Work request: Reproduce only the lines of the material below that start at the line containing "Import Order.TTheory GRing.Theory Num.Theory." and stop at the line containing "forall i j : 'I_d, exists". Keep both end lines.

Data to examine:
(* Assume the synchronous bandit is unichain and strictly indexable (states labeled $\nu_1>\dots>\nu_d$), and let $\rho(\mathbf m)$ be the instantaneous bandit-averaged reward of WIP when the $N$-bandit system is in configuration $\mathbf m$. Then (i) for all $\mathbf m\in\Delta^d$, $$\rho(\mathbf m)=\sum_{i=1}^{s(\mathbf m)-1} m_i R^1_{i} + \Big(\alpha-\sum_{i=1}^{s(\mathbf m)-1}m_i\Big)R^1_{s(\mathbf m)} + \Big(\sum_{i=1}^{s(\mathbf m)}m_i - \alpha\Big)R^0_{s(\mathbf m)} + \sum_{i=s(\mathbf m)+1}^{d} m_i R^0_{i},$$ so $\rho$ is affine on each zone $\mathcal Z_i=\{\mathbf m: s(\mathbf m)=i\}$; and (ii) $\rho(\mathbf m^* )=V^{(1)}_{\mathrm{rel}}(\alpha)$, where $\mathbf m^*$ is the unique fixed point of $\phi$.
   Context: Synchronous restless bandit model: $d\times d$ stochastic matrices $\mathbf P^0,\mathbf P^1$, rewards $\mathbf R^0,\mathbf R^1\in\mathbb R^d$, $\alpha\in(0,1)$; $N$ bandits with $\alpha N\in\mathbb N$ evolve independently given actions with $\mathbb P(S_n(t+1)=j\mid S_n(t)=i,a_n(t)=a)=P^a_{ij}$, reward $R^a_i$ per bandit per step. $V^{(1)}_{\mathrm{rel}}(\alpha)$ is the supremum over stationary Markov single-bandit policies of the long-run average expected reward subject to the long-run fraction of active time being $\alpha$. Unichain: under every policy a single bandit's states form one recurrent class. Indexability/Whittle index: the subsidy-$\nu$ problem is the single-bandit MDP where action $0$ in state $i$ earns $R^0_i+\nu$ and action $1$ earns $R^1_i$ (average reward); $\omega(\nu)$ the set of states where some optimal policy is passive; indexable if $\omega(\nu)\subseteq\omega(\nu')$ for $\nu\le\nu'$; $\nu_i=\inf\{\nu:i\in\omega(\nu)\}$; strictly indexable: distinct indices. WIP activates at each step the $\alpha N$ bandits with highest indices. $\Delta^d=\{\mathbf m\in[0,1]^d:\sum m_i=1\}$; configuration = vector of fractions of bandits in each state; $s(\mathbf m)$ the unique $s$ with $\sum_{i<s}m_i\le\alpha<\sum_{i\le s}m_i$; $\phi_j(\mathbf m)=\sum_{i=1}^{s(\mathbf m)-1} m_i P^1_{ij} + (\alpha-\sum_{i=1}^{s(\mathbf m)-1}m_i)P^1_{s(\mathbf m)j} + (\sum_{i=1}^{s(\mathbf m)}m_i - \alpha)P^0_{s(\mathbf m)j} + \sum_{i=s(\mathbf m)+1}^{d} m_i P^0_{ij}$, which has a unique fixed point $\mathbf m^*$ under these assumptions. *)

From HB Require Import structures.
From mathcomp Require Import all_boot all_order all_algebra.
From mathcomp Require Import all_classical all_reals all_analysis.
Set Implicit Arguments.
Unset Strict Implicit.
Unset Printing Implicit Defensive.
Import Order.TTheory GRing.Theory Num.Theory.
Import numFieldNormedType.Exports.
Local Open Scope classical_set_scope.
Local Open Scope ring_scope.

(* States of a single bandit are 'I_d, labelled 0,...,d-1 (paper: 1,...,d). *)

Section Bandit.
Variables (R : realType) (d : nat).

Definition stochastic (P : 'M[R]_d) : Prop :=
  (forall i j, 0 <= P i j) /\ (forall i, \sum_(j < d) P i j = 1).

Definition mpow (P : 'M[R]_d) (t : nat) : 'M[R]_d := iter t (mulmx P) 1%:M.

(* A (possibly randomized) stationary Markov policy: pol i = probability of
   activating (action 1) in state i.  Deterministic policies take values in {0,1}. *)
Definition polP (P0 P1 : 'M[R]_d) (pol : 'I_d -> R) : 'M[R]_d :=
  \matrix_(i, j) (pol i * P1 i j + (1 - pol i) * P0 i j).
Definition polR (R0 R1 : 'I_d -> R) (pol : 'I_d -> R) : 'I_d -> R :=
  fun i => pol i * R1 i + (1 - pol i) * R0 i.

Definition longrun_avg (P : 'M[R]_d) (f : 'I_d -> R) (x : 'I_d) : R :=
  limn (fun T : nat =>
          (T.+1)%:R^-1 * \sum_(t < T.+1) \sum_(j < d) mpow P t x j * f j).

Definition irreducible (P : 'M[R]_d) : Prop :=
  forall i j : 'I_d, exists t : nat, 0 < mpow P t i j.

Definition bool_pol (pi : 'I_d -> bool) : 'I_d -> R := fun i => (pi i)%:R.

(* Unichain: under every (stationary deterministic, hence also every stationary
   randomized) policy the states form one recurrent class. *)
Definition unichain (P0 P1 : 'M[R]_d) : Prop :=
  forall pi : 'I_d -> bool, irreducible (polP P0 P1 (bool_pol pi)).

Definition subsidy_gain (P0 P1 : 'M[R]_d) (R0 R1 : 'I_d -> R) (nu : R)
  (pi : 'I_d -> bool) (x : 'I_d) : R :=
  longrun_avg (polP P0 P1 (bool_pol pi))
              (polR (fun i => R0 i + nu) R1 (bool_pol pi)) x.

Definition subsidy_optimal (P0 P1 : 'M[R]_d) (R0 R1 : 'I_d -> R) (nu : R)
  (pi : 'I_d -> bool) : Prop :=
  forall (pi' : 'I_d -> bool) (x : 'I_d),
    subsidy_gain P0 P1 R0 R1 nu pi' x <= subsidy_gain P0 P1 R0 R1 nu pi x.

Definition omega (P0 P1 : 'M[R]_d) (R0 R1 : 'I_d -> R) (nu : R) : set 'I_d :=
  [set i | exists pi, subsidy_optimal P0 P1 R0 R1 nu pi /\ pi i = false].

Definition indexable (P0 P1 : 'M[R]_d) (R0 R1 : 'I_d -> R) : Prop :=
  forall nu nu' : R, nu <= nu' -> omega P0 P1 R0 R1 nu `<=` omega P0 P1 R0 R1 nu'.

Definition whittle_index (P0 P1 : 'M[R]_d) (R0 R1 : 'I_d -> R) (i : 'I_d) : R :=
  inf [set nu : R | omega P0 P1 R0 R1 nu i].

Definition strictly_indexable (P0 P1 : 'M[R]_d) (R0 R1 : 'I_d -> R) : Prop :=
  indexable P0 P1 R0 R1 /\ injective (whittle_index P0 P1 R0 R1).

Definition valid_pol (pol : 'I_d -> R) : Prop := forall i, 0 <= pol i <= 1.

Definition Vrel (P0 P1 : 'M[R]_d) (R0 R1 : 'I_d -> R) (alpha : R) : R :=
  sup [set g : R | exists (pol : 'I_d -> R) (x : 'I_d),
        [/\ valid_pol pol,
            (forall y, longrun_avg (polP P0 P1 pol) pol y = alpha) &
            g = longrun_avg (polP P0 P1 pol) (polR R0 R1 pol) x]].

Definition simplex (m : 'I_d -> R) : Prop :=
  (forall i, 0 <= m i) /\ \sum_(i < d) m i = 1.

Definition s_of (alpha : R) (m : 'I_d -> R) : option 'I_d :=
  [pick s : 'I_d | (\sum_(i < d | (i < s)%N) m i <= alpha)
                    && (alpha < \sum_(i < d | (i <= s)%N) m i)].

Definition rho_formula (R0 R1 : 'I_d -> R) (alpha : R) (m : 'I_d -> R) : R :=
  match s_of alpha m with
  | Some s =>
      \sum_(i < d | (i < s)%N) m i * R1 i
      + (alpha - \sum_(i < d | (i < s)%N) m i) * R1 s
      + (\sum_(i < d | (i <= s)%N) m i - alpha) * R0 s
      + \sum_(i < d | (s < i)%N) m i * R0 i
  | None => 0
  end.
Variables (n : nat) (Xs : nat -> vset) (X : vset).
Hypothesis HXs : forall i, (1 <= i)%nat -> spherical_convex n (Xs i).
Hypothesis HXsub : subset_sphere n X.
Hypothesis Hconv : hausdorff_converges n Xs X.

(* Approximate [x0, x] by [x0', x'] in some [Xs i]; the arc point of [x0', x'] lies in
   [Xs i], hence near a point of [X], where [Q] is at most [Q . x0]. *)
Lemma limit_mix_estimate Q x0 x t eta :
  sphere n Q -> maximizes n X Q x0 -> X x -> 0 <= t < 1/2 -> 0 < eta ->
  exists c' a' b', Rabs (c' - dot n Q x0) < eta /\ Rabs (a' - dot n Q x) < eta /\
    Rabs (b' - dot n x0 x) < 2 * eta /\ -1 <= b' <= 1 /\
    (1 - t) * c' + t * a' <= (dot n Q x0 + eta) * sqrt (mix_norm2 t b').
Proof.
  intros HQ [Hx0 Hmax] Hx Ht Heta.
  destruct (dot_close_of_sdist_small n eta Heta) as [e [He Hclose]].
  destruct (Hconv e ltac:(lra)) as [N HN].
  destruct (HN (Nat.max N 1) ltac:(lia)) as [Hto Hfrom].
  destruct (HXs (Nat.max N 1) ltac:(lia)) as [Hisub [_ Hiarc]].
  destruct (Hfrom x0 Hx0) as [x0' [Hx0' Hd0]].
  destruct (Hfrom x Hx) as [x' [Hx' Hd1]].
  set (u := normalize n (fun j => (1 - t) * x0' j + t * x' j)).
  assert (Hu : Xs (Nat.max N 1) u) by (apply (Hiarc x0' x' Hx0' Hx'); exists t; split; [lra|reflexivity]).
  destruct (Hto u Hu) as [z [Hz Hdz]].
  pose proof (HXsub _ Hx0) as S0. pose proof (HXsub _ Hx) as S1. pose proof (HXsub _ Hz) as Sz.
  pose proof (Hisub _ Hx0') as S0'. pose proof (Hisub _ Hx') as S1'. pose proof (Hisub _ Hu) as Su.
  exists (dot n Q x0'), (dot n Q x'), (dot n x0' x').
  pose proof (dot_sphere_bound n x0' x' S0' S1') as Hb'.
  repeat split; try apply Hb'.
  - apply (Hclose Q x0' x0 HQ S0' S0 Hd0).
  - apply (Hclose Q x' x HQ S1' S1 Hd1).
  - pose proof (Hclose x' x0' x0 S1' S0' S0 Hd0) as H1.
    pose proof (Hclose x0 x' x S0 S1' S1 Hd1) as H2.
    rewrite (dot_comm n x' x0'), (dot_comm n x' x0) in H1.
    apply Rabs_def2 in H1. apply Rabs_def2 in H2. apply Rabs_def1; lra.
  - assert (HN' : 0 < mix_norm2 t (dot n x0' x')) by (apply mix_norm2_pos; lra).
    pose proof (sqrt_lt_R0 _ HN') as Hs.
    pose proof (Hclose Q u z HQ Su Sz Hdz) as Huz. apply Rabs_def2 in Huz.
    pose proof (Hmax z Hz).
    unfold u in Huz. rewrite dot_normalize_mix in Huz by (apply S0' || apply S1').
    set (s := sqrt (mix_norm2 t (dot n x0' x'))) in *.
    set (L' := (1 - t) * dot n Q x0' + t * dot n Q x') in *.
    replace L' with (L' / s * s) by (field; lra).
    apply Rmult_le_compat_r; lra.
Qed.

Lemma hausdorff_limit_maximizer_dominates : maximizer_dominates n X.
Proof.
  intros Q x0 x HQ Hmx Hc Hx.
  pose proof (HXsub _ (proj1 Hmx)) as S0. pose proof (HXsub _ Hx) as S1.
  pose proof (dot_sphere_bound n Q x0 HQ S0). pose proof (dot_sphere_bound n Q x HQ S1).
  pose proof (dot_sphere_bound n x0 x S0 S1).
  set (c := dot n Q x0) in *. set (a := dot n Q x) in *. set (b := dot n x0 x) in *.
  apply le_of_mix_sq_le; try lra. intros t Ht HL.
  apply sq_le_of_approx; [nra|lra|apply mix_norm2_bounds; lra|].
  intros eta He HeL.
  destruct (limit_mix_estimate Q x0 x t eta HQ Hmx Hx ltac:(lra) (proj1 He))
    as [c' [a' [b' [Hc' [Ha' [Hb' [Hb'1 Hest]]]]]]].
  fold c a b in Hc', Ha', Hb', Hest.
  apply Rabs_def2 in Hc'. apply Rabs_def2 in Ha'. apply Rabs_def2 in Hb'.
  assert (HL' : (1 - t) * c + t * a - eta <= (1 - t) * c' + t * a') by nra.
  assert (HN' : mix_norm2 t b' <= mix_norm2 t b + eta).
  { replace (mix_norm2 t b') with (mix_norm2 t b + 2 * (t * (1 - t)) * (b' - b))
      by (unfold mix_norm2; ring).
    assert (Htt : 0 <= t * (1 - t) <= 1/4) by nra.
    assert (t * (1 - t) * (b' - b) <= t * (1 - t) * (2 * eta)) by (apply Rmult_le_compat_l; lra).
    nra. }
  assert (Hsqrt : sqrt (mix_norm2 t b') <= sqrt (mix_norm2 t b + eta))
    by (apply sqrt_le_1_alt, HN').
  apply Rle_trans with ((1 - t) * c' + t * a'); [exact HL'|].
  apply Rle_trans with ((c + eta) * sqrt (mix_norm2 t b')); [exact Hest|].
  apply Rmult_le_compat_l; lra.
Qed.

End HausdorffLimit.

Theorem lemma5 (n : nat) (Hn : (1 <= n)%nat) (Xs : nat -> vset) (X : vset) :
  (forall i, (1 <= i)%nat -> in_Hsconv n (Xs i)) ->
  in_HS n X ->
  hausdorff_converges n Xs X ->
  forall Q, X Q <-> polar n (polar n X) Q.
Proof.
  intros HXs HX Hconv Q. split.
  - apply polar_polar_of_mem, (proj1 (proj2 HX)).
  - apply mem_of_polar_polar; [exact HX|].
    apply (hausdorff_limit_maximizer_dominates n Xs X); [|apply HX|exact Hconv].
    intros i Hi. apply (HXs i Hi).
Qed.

Reply to the task:
Import Order.TTheory GRing.Theory Num.Theory.
Import numFieldNormedType.Exports.
Local Open Scope classical_set_scope.
Local Open Scope ring_scope.

(* States of a single bandit are 'I_d, labelled 0,...,d-1 (paper: 1,...,d). *)

Section Bandit.
Variables (R : realType) (d : nat).

Definition stochastic (P : 'M[R]_d) : Prop :=
  (forall i j, 0 <= P i j) /\ (forall i, \sum_(j < d) P i j = 1).

Definition mpow (P : 'M[R]_d) (t : nat) : 'M[R]_d := iter t (mulmx P) 1%:M.

(* A (possibly randomized) stationary Markov policy: pol i = probability of
   activating (action 1) in state i.  Deterministic policies take values in {0,1}. *)
Definition polP (P0 P1 : 'M[R]_d) (pol : 'I_d -> R) : 'M[R]_d :=
  \matrix_(i, j) (pol i * P1 i j + (1 - pol i) * P0 i j).
Definition polR (R0 R1 : 'I_d -> R) (pol : 'I_d -> R) : 'I_d -> R :=
  fun i => pol i * R1 i + (1 - pol i) * R0 i.

Definition longrun_avg (P : 'M[R]_d) (f : 'I_d -> R) (x : 'I_d) : R :=
  limn (fun T : nat =>
          (T.+1)%:R^-1 * \sum_(t < T.+1) \sum_(j < d) mpow P t x j * f j).

Definition irreducible (P : 'M[R]_d) : Prop :=
  forall i j : 'I_d, exists t : nat, 0 < mpow P t i j.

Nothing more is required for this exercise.